How to complete this task
Provide again, from the entries below, every line from the one containing "forall (I : Type)" through the one containing "Definition affine22 (f", exactly as written, and no other line.

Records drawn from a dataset
(* Let $\varrho\in C(\mathbb{C};\mathbb{C})$ be real differentiable in $z_0\in\mathbb{C}$ with $(\partial_{\mathrm{wirt}}\varrho(z_0),\overline{\partial}_{\mathrm{wirt}}\varrho(z_0))\neq(0,0)$, let $K\subseteq\mathbb{C}$ be compact and $\varepsilon>0$. (i) If $\partial_{\mathrm{wirt}}\varrho(z_0)\neq0$ and $\overline{\partial}_{\mathrm{wirt}}\varrho(z_0)=0$, there are $\mathbb{C}$-affine maps $\phi,\psi:\mathbb{C}\to\mathbb{C}$ with $\sup_{z\in K}|(\psi\circ\varrho\circ\phi)(z)-z|<\varepsilon$. (ii) If $\partial_{\mathrm{wirt}}\varrho(z_0)=0$ and $\overline{\partial}_{\mathrm{wirt}}\varrho(z_0)\neq0$, there are $\mathbb{C}$-affine maps $\phi,\psi:\mathbb{C}\to\mathbb{C}$ with $\sup_{z\in K}|(\psi\circ\varrho\circ\phi)(z)-\overline{z}|<\varepsilon$. (iii) If $\partial_{\mathrm{wirt}}\varrho(z_0)\neq0\neq\overline{\partial}_{\mathrm{wirt}}\varrho(z_0)$, there are $\mathbb{C}$-affine maps $\phi:\mathbb{C}\to\mathbb{C}^2$ and $\psi:\mathbb{C}^2\to\mathbb{C}^2$ with $\sup_{z\in K}\|(\psi\circ\varrho^{\times2}\circ\phi)(z)-(z,\overline{z})\|_{\mathbb{C}^2}<\varepsilon$.
   Context: Wirtinger derivatives: $\partial_{\mathrm{wirt}}\varrho=\frac12\left(\frac{\partial\varrho}{\partial x}-\mathrm{i}\frac{\partial\varrho}{\partial y}\right)$, $\overline{\partial}_{\mathrm{wirt}}\varrho=\frac12\left(\frac{\partial\varrho}{\partial x}+\mathrm{i}\frac{\partial\varrho}{\partial y}\right)$. $\varrho$ is real differentiable at $z_0$ if the partial derivatives exist at $z_0$ and $\lim_{h\to0}\frac{\varrho(z_0+h)-\varrho(z_0)-\frac{\partial\varrho}{\partial x}(z_0)\mathrm{Re}(h)-\frac{\partial\varrho}{\partial y}(z_0)\mathrm{Im}(h)}{h}=0$. A map $\mathbb{C}^a\to\mathbb{C}^b$ is $\mathbb{C}$-affine if it has the form $z\mapsto Az+b$ with complex $A,b$. $\varrho^{\times2}(z_1,z_2)=(\varrho(z_1),\varrho(z_2))$. *)

From Stdlib Require Import Reals List.
From Coquelicot Require Import Coquelicot.
Open Scope R_scope.
Open Scope C_scope.

Definition has_partial_x (rho : C -> C) (z0 d : C) : Prop :=
  forall eps : R, 0 < eps -> exists delta : R, 0 < delta /\
    forall t : R, t <> 0 -> Rabs t < delta ->
      Cmod ((rho (z0 + RtoC t) - rho z0) / RtoC t - d) < eps.

Definition has_partial_y (rho : C -> C) (z0 d : C) : Prop :=
  forall eps : R, 0 < eps -> exists delta : R, 0 < delta /\
    forall t : R, t <> 0 -> Rabs t < delta ->
      Cmod ((rho (z0 + Ci * RtoC t) - rho z0) / RtoC t - d) < eps.

Definition real_diff_with (rho : C -> C) (z0 dx dy : C) : Prop :=
  has_partial_x rho z0 dx /\ has_partial_y rho z0 dy /\
  forall eps : R, 0 < eps -> exists delta : R, 0 < delta /\
    forall h : C, h <> 0 -> Cmod h < delta ->
      Cmod ((rho (z0 + h) - rho z0 - dx * RtoC (Re h) - dy * RtoC (Im h)) / h) < eps.

Definition wirt (dx dy : C) : C := (dx - Ci * dy) / 2.
Definition wirt_bar (dx dy : C) : C := (dx + Ci * dy) / 2.

Definition compactC (K : C -> Prop) : Prop :=
  forall (I : Type) (U : I -> C -> Prop),
    (forall i, @open C_UniformSpace (U i)) ->
    (forall z, K z -> exists i, U i z) ->
    exists l : list I, forall z, K z -> exists i, In i l /\ U i z.

Definition affine11 (f : C -> C) : Prop :=
  exists a b : C, forall z, f z = a * z + b.
Definition affine12 (f : C -> C * C) : Prop :=
  exists a1 a2 b1 b2 : C, forall z, f z = (a1 * z + b1, a2 * z + b2).
Definition affine22 (f : C * C -> C * C) : Prop :=
  exists a11 a12 a21 a22 b1 b2 : C, forall w,
    f w = (a11 * fst w + a12 * snd w + b1, a21 * fst w + a22 * snd w + b2).

Definition norm2 (w : C * C) : R := sqrt (Cmod (fst w) ^ 2 + Cmod (snd w) ^ 2).

Definition prod2 (rho : C -> C) (w : C * C) : C * C := (rho (fst w), rho (snd w)).

Definition sup_lt (K : C -> Prop) (g : C -> R) (eps : R) : Prop :=
  exists s : R, s < eps /\ forall z, K z -> g z <= s.

From Stdlib Require Import Reals List Lra.
From Coquelicot Require Import Coquelicot.
Open Scope R_scope.
Open Scope C_scope.

(* Real differentiability at z0 means that rho (z0 + h) - rho z0 is the
   R-linear map h |-> a h + b conj h, with a and b the Wirtinger derivatives,
   up to an error o(|h|).  Precomposing rho with z |-> z0 + d z for a small
   d > 0 and postcomposing with an affine map that divides by d therefore
   approximates that linear map uniformly on the bounded set K.  If b = 0 or
   a = 0 this isolates z or conj z.  If both are nonzero, evaluating at z and
   at i z and forming rho (z0 + d z) -/+ i rho (z0 + i d z) separates the two
   parts, since (a h + b conj h) -/+ i (a (i h) + b conj (i h)) equals 2 a h,
   resp. 2 b conj h. *)

Lemma open_Cmod_lt (r : R) : @open C_UniformSpace (fun z => Cmod z < r).
Proof.
  exact (open_comp Cmod (fun u => u < r) (fun z _ => filterlim_norm z) (open_lt r)).
Qed.

Lemma compactC_bounded (K : C -> Prop) :
  compactC K -> exists M, 0 <= M /\ forall z, K z -> Cmod z <= M.
Proof.
  intros HK.
  destruct (HK nat (fun n z => Cmod z < INR n)) as [l Hl].
  - intros n. apply open_Cmod_lt.
  - intros z _. destruct (INR_unbounded (Cmod z)) as [n Hn]. exists n. exact Hn.
  - exists (INR (list_max l)). split; [apply pos_INR|].
    intros z Hz. destruct (Hl z Hz) as [n [Hn Hzn]].
    assert (Hmax : (n <= list_max l)%nat).
    { exact (proj1 (Forall_forall _ l) (proj1 (list_max_le l _) (le_n _)) n Hn). }
    apply le_INR in Hmax. lra.
Qed.

Ltac C_field :=
  apply injective_projections; simpl;
  unfold Cdiv, Cinv, Cmult, Cplus, Cminus, Copp, Ci, Cconj, RtoC; simpl; field.

Definition wirt_lin (dx dy h : C) : C := wirt dx dy * h + wirt_bar dx dy * Cconj h.

Lemma wirt_lin_partials (dx dy h : C) :
  dx * RtoC (Re h) + dy * RtoC (Im h) = wirt_lin dx dy h.
Proof. destruct dx, dy, h. unfold wirt_lin, wirt, wirt_bar. C_field. Qed.

Lemma wirt_lin_scal (dx dy : C) (d : R) (h : C) :
  wirt_lin dx dy (RtoC d * h) = RtoC d * wirt_lin dx dy h.
Proof. destruct dx, dy, h. unfold wirt_lin, wirt, wirt_bar. C_field. Qed.

Lemma wirt_lin_sub_rot (dx dy h : C) :
  wirt_lin dx dy h - Ci * wirt_lin dx dy (Ci * h) = 2 * wirt dx dy * h.
Proof. destruct dx, dy, h. unfold wirt_lin, wirt, wirt_bar. C_field. Qed.

Lemma wirt_lin_add_rot (dx dy h : C) :
  wirt_lin dx dy h + Ci * wirt_lin dx dy (Ci * h) = 2 * wirt_bar dx dy * Cconj h.
Proof. destruct dx, dy, h. unfold wirt_lin, wirt, wirt_bar. C_field. Qed.

Lemma real_diff_little_o (rho : C -> C) (z0 dx dy : C) :
  real_diff_with rho z0 dx dy ->
  forall eta, 0 < eta -> exists delta, 0 < delta /\ forall h, Cmod h < delta ->
    Cmod (rho (z0 + h) - rho z0 - wirt_lin dx dy h) <= eta * Cmod h.
Proof.
  intros [_ [_ Hd]] eta Heta.
  destruct (Hd eta Heta) as [delta [Hdelta Hh]].
  exists delta. split; [exact Hdelta|]. intros h Hhd.
  destruct (Ceq_dec h 0) as [->|Hh0].
  - replace (rho (z0 + 0) - rho z0 - wirt_lin dx dy 0) with (RtoC 0)
      by (rewrite Cplus_0_r; unfold wirt_lin; C_field).
    rewrite !Cmod_0. lra.
  - specialize (Hh h Hh0 Hhd).
    assert (Hhpos : 0 < Cmod h) by (apply Cmod_gt_0; exact Hh0).
    rewrite Cmod_div, Rlt_div_l in Hh by assumption.
    rewrite <- wirt_lin_partials.
    replace (rho (z0 + h) - rho z0 - (dx * Re h + dy * Im h))
      with (rho (z0 + h) - rho z0 - dx * Re h - dy * Im h) by ring.
    lra.
Qed.

Lemma real_diff_rescaled (rho : C -> C) (z0 dx dy : C) (M eta : R) :
  real_diff_with rho z0 dx dy -> 0 <= M -> 0 < eta ->
  exists d, 0 < d /\ forall w, Cmod w <= M ->
    Cmod (rho (z0 + RtoC d * w) - rho z0 - RtoC d * wirt_lin dx dy w) <= eta * d.
Proof.
  intros Hd HM Heta.
  destruct (real_diff_little_o rho z0 dx dy Hd (eta / (M + 1)))
    as [delta [Hdelta Ho]]; [apply Rdiv_lt_0_compat; lra|].
  set (d := (delta / (M + 1))%R).
  assert (Hdelta_d : delta = (d * (M + 1))%R) by (unfold d; field; lra).
  assert (Hdpos : 0 < d) by (unfold d; apply Rdiv_lt_0_compat; lra).
  exists d. split; [exact Hdpos|]. intros w Hw.
  assert (Hdw : Cmod (RtoC d * w) = (d * Cmod w)%R)
    by (rewrite Cmod_mult, Cmod_R, Rabs_pos_eq; lra).
  rewrite <- wirt_lin_scal.
  eapply Rle_trans; [apply Ho; rewrite Hdw; nra|].
  rewrite Hdw. replace (eta * d)%R with (eta / (M + 1) * (d * (M + 1)))%R by (field; lra).
  apply Rmult_le_compat_l; [apply Rlt_le, Rdiv_lt_0_compat; lra | nra].
Qed.

Lemma Cmod_sub_div_le (X c t : C) (d k : R) : c <> 0 -> 0 < d ->
  Cmod (X - c * RtoC d * t) <= k * d -> Cmod (X / (c * RtoC d) - t) <= k / Cmod c.
Proof.
  intros Hc Hd HX.
  assert (Hcpos : 0 < Cmod c) by (apply Cmod_gt_0; exact Hc).
  assert (Hd0 : RtoC d <> 0) by (intros E; injection E; lra).
  replace (X / (c * RtoC d) - t) with ((X - c * RtoC d * t) / (c * RtoC d))
    by (field; split; assumption).
  rewrite Cmod_div, Cmod_mult, Cmod_R, Rabs_pos_eq by (try apply Cmult_neq_0; auto; lra).
  apply Rmult_le_reg_r with (Cmod c * d)%R; [nra|].
  replace (Cmod (X - c * RtoC d * t) / (Cmod c * d) * (Cmod c * d))%R
    with (Cmod (X - c * RtoC d * t)) by (field; lra).
  replace (k / Cmod c * (Cmod c * d))%R with (k * d)%R by (field; lra).
  exact HX.
Qed.

Lemma Cmod_add_unit_mul_le (u x y : C) : Cmod u = 1 -> Cmod (x + u * y) <= Cmod x + Cmod y.
Proof.
  intros Hu. eapply Rle_trans; [apply Cmod_triangle|].
  rewrite Cmod_mult, Hu. lra.
Qed.

Lemma norm2_le (x y : C) : norm2 (x, y) <= Cmod x + Cmod y.
Proof.
  unfold norm2; simpl.
  pose proof (Cmod_ge_0 x). pose proof (Cmod_ge_0 y).
  rewrite <- (sqrt_square (Cmod x + Cmod y)) by lra.
  apply sqrt_le_1; nra.
Qed.

Lemma affine_single_approx (rho : C -> C) (z0 dx dy : C) (K : C -> Prop) (eps : R)
    (c : C) (T : C -> C) :
  real_diff_with rho z0 dx dy -> compactC K -> 0 < eps -> c <> 0 ->
  (forall w, wirt_lin dx dy w = c * T w) ->
  exists phi psi : C -> C, affine11 phi /\ affine11 psi /\
    sup_lt K (fun z => Cmod (psi (rho (phi z)) - T z)) eps.
Proof.
  intros Hd HK Heps Hc HT.
  destruct (compactC_bounded K HK) as [M [HM HKM]].
  assert (Hcpos : 0 < Cmod c) by (apply Cmod_gt_0; exact Hc).
  destruct (real_diff_rescaled rho z0 dx dy M (eps * Cmod c / 2) Hd HM)
    as [d [Hdpos Hlin]]; [nra|].
  exists (fun z => z0 + RtoC d * z), (fun w => (w - rho z0) / (c * RtoC d)).
  split; [exists (RtoC d), z0; intros z; ring|].
  split; [exists (/ (c * RtoC d)), (- rho z0 / (c * RtoC d)); intros w; unfold Cdiv; ring|].
  exists (eps / 2)%R. split; [lra|]. intros z Hz.
  eapply Rle_trans.
  - apply Cmod_sub_div_le; [exact Hc | exact Hdpos |].
    replace (c * RtoC d * T z) with (RtoC d * wirt_lin dx dy z) by (rewrite HT; ring).
    apply Hlin, HKM, Hz.
  - right. field. lra.
Qed.

Lemma wirt_rot_combinations (dx dy p1 p2 r0 : C) (d : R) (h : C) :
  let E1 := p1 - r0 - RtoC d * wirt_lin dx dy h in
  let E2 := p2 - r0 - RtoC d * wirt_lin dx dy (Ci * h) in
  p1 - Ci * p2 - (1 - Ci) * r0 - 2 * wirt dx dy * RtoC d * h = E1 + (- Ci) * E2 /\
  p1 + Ci * p2 - (1 + Ci) * r0 - 2 * wirt_bar dx dy * RtoC d * Cconj h = E1 + Ci * E2.
Proof.
  intros E1 E2. unfold E1, E2. split.
  - replace (2 * wirt dx dy * RtoC d * h) with (RtoC d * (2 * wirt dx dy * h)) by ring.
    rewrite <- wirt_lin_sub_rot. ring.
  - replace (2 * wirt_bar dx dy * RtoC d * Cconj h)
      with (RtoC d * (2 * wirt_bar dx dy * Cconj h)) by ring.
    rewrite <- wirt_lin_add_rot. ring.
Qed.

Lemma affine_pair_approx (rho : C -> C) (z0 dx dy : C) (K : C -> Prop) (eps : R) :
  real_diff_with rho z0 dx dy -> compactC K -> 0 < eps ->
  wirt dx dy <> 0 -> wirt_bar dx dy <> 0 ->
  exists (phi : C -> C * C) (psi : C * C -> C * C), affine12 phi /\ affine22 psi /\
    sup_lt K (fun z => norm2 ((fst (psi (prod2 rho (phi z))) - z,
                               snd (psi (prod2 rho (phi z))) - Cconj z))) eps.
Proof.
  intros Hd HK Heps Ha Hb.
  destruct (compactC_bounded K HK) as [M [HM HKM]].
  assert (H2a : 2 * wirt dx dy <> 0) by (apply Cmult_neq_0; [intros E; injection E; lra | exact Ha]).
  assert (H2b : 2 * wirt_bar dx dy <> 0)
    by (apply Cmult_neq_0; [intros E; injection E; lra | exact Hb]).
  assert (Hapos : 0 < Cmod (wirt dx dy)) by (apply Cmod_gt_0; exact Ha).
  assert (Hbpos : 0 < Cmod (wirt_bar dx dy)) by (apply Cmod_gt_0; exact Hb).
  assert (Hinv : 0 < / Cmod (wirt dx dy) + / Cmod (wirt_bar dx dy))
    by (pose proof (Rinv_0_lt_compat _ Hapos); pose proof (Rinv_0_lt_compat _ Hbpos); lra).
  set (eta := (eps / (2 * (/ Cmod (wirt dx dy) + / Cmod (wirt_bar dx dy))))%R).
  destruct (real_diff_rescaled rho z0 dx dy M eta Hd HM) as [d [Hdpos Hlin]];
    [apply Rdiv_lt_0_compat; lra|].
  set (D1 := 2 * wirt dx dy * RtoC d). set (D2 := 2 * wirt_bar dx dy * RtoC d).
  set (r0 := rho z0) in Hlin |- *.
  exists (fun z => (z0 + RtoC d * z, z0 + RtoC d * (Ci * z))).
  exists (fun w => ((fst w - Ci * snd w - (1 - Ci) * r0) / D1,
                    (fst w + Ci * snd w - (1 + Ci) * r0) / D2)).
  split; [exists (RtoC d), (RtoC d * Ci), z0, z0; intros z; f_equal; ring|].
  split.
  { exists (/ D1), (- Ci / D1), (/ D2), (Ci / D2),
      (- ((1 - Ci) * r0) / D1), (- ((1 + Ci) * r0) / D2).
    intros w. unfold Cdiv. f_equal; ring. }
  exists (eps / 2)%R. split; [lra|]. intros z Hz. unfold prod2; simpl.
  destruct (wirt_rot_combinations dx dy (rho (z0 + RtoC d * z))
              (rho (z0 + RtoC d * (Ci * z))) r0 d z) as [Hsub Hadd].
  set (E1 := rho (z0 + RtoC d * z) - r0 - RtoC d * wirt_lin dx dy z) in Hsub, Hadd.
  set (E2 := rho (z0 + RtoC d * (Ci * z)) - r0 - RtoC d * wirt_lin dx dy (Ci * z))
    in Hsub, Hadd.
  assert (HE : Cmod E1 + Cmod E2 <= 2 * eta * d).
  { pose proof (Hlin z (HKM z Hz)).
    pose proof (Hlin (Ci * z) ltac:(rewrite Cmod_mult, Cmod_Ci, Rmult_1_l; apply HKM, Hz)).
    unfold E1, E2. lra. }
  eapply Rle_trans; [apply norm2_le|].
  apply Rle_trans
    with (2 * eta / Cmod (2 * wirt dx dy) + 2 * eta / Cmod (2 * wirt_bar dx dy))%R.
  - apply Rplus_le_compat; apply Cmod_sub_div_le; auto.
    + rewrite Hsub. eapply Rle_trans; [|exact HE].
      apply Cmod_add_unit_mul_le. rewrite Cmod_opp. apply Cmod_Ci.
    + rewrite Hadd. eapply Rle_trans; [|exact HE].
      apply Cmod_add_unit_mul_le, Cmod_Ci.
  - rewrite !Cmod_mult, Cmod_R, Rabs_pos_eq by lra.
    right. unfold eta. field. lra.
Qed.

Theorem proposition3p1 (rho : C -> C) (z0 dx dy : C) (K : C -> Prop) (eps : R) :
  (forall z : C, continuous rho z) ->
  real_diff_with rho z0 dx dy ->
  (wirt dx dy, wirt_bar dx dy) <> (RtoC 0, RtoC 0) ->
  compactC K -> 0 < eps ->
  (wirt dx dy <> 0 -> wirt_bar dx dy = 0 ->
     exists phi psi : C -> C, affine11 phi /\ affine11 psi /\
       sup_lt K (fun z => Cmod (psi (rho (phi z)) - z)) eps) /\
  (wirt dx dy = 0 -> wirt_bar dx dy <> 0 ->
     exists phi psi : C -> C, affine11 phi /\ affine11 psi /\
       sup_lt K (fun z => Cmod (psi (rho (phi z)) - Cconj z)) eps) /\
  (wirt dx dy <> 0 -> wirt_bar dx dy <> 0 ->
     exists (phi : C -> C * C) (psi : C * C -> C * C), affine12 phi /\ affine22 psi /\
       sup_lt K (fun z => norm2 ((fst (psi (prod2 rho (phi z))) - z,
                                  snd (psi (prod2 rho (phi z))) - Cconj z))) eps).
Proof.
  intros _ Hd _ HK Heps.
  split; [|split].
  - intros Ha Hb.
    apply (affine_single_approx rho z0 dx dy K eps (wirt dx dy) (fun w => w));
      auto.
    intros w. unfold wirt_lin. rewrite Hb. ring.
  - intros Ha Hb.
    apply (affine_single_approx rho z0 dx dy K eps (wirt_bar dx dy) Cconj); auto.
    intros w. unfold wirt_lin. rewrite Ha. ring.
  - exact (affine_pair_approx rho z0 dx dy K eps Hd HK Heps).
Qed.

Output of the exercise
  forall (I : Type) (U : I -> C -> Prop),
    (forall i, @open C_UniformSpace (U i)) ->
    (forall z, K z -> exists i, U i z) ->
    exists l : list I, forall z, K z -> exists i, In i l /\ U i z.

Definition affine11 (f : C -> C) : Prop :=
  exists a b : C, forall z, f z = a * z + b.
Definition affine12 (f : C -> C * C) : Prop :=
  exists a1 a2 b1 b2 : C, forall z, f z = (a1 * z + b1, a2 * z + b2).
Definition affine22 (f : C * C -> C * C) : Prop :=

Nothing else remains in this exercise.